Definition projective (S : signature) (R : realType) (Q : RRSM S R) : Prop :=
  (forall n, is_distribution (Q n)) /\
  (forall n, exchangeable (Q n)) /\
  (forall (m n : nat) (H : (m <= n)%N), (m < n)%N ->
     forall v : world S m, marginal H (Q n) v = Q m v).

(* Hypotheses on an MLN formula phi(X_0..X_{k-1}):
   - same_vars: any two atoms of phi contain exactly the same variables;
   - all_vars_occur: the variables X_0..X_{k-1} of phi are those occurring in it. *)
Definition same_vars (S : signature) (k : nat) (phi : formula S k) : Prop :=
  forall a b : atom S k, a \in atoms phi -> b \in atoms phi ->
    forall x : 'I_k, (x \in tagged a) = (x \in tagged b).

Definition all_vars_occur (S : signature) (k : nat) (phi : formula S k) : Prop :=
  forall x : 'I_k, exists2 a, a \in atoms phi & x \in tagged a.

From Pilot Require Import Defs.
From mathcomp Require Import all_boot all_order all_algebra all_fingroup.
From mathcomp Require Import all_classical all_reals.
From mathcomp Require Import sequences exp.
Set Implicit Arguments. Unset Strict Implicit. Unset Printing Implicit Defensive.
Import Order.TTheory GRing.Theory Num.Theory.
Local Open Scope ring_scope.

(* Fix m <= n.  A tuple j over [n] either lies in [m]^k, and then phi(j) is
   evaluated in the restriction of w to [m], or has an entry outside [m]; in
   the latter case, since every atom of phi mentions every variable, every
   ground atom of phi(j) has an argument outside [m].  Hence n_i(w) splits as
   n_i(w|[m]) plus a count depending only on the atoms not over [m], and
   exp(sum_i w_i n_i(w)) = exp(sum_i w_i n_i(w|[m])) * h(w) with h blind to
   the atoms over [m].  Replacing the atoms over [m] is a bijection between
   the fibres of the restriction map, so the fibre sums of h are all equal to
   one constant C: the weight of the fibre of v is weight(v) * C,
   Z_n = Z_m * C, and the marginal of Q^(n) on [m] is Q^(m).  Exchangeability
   holds because n_i is invariant under relabelling the domain. *)

Lemma map_tuple_inj (T U : Type) (k : nat) (f : T -> U) :
  injective f -> injective (@map_tuple k T U f).
Proof. by move=> f_inj s t /(congr1 val)/(inj_map f_inj)/val_inj. Qed.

### WORK TASK:
In the entries above, restate word for word the lines between the one holding "Definition all_vars_occur (S" and the one holding "ground atom of", inclusive, and nothing besides.

### RESULT OF THIS EXERCISE:
Definition all_vars_occur (S : signature) (k : nat) (phi : formula S k) : Prop :=
  forall x : 'I_k, exists2 a, a \in atoms phi & x \in tagged a.

From Pilot Require Import Defs.
From mathcomp Require Import all_boot all_order all_algebra all_fingroup.
From mathcomp Require Import all_classical all_reals.
From mathcomp Require Import sequences exp.
Set Implicit Arguments. Unset Strict Implicit. Unset Printing Implicit Defensive.
Import Order.TTheory GRing.Theory Num.Theory.
Local Open Scope ring_scope.

(* Fix m <= n.  A tuple j over [n] either lies in [m]^k, and then phi(j) is
   evaluated in the restriction of w to [m], or has an entry outside [m]; in
   the latter case, since every atom of phi mentions every variable, every
   ground atom of phi(j) has an argument outside [m].  Hence n_i(w) splits as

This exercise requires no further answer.